**INSTRUCTIONS TO FOLLOW**:
Return, exactly as written, all lines from the line containing "Definition Ext (Th" to the end of the entries below, with both ends included.

**INPUT RECORDS**:
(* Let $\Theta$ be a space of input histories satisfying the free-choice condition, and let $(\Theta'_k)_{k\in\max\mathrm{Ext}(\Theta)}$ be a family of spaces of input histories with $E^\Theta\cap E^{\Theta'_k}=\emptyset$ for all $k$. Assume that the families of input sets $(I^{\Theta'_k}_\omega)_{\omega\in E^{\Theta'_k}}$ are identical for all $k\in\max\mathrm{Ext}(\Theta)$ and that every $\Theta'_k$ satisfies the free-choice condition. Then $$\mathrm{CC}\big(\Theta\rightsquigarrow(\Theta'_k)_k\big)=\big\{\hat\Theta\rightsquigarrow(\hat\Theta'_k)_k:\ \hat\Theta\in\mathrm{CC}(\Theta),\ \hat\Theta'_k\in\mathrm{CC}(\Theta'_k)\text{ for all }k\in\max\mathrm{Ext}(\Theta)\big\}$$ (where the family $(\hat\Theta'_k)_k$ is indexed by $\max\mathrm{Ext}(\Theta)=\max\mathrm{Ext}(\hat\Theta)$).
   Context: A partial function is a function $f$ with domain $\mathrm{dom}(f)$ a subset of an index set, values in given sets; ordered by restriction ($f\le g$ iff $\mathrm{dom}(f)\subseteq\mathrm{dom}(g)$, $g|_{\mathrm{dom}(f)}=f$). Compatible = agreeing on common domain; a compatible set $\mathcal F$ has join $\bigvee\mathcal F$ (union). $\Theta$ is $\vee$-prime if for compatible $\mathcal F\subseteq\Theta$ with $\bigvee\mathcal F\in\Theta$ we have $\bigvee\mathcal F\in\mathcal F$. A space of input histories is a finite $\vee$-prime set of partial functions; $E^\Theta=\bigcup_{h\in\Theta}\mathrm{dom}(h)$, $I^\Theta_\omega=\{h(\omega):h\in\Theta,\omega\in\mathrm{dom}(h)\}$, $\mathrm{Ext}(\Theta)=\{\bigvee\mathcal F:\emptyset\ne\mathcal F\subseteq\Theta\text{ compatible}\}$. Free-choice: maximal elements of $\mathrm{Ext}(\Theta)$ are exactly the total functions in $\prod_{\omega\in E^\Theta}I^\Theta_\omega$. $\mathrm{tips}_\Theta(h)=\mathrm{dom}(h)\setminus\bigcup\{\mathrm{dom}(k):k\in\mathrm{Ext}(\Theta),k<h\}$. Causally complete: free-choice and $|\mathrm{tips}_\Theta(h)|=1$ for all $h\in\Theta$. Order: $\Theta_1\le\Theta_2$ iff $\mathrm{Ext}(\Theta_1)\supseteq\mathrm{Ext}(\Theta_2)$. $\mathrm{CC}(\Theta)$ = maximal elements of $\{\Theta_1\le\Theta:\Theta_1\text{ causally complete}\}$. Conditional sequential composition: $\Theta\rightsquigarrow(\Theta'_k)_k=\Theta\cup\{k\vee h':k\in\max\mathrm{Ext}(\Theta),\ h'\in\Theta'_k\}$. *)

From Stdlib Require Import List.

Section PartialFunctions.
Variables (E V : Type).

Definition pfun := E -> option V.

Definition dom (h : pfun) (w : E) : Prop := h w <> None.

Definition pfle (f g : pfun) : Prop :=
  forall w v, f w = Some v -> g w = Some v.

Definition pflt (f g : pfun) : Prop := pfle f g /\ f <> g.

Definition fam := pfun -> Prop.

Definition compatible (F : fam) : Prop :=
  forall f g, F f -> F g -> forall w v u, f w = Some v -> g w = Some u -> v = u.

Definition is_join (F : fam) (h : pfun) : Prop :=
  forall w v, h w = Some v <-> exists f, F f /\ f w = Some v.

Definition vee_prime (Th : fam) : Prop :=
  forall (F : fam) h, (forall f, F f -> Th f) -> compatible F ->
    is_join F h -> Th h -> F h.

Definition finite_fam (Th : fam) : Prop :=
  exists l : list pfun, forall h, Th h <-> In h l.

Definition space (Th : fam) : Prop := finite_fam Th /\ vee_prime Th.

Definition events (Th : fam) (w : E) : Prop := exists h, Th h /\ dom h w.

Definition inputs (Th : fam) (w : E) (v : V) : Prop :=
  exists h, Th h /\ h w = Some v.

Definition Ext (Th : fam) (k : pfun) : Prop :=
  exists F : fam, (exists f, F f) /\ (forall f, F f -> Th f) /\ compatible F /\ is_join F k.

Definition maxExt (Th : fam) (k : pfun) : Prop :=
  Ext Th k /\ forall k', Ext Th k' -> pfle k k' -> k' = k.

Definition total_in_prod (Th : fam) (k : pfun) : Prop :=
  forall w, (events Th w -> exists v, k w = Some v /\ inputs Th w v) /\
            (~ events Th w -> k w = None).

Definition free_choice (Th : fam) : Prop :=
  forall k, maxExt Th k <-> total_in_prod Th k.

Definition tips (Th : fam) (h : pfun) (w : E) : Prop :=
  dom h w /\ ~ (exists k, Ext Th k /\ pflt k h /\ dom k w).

**SOLUTION FOR THIS PROBLEM**:
Definition Ext (Th : fam) (k : pfun) : Prop :=
  exists F : fam, (exists f, F f) /\ (forall f, F f -> Th f) /\ compatible F /\ is_join F k.

Definition maxExt (Th : fam) (k : pfun) : Prop :=
  Ext Th k /\ forall k', Ext Th k' -> pfle k k' -> k' = k.

Definition total_in_prod (Th : fam) (k : pfun) : Prop :=
  forall w, (events Th w -> exists v, k w = Some v /\ inputs Th w v) /\
            (~ events Th w -> k w = None).

Definition free_choice (Th : fam) : Prop :=
  forall k, maxExt Th k <-> total_in_prod Th k.

Definition tips (Th : fam) (h : pfun) (w : E) : Prop :=
  dom h w /\ ~ (exists k, Ext Th k /\ pflt k h /\ dom k w).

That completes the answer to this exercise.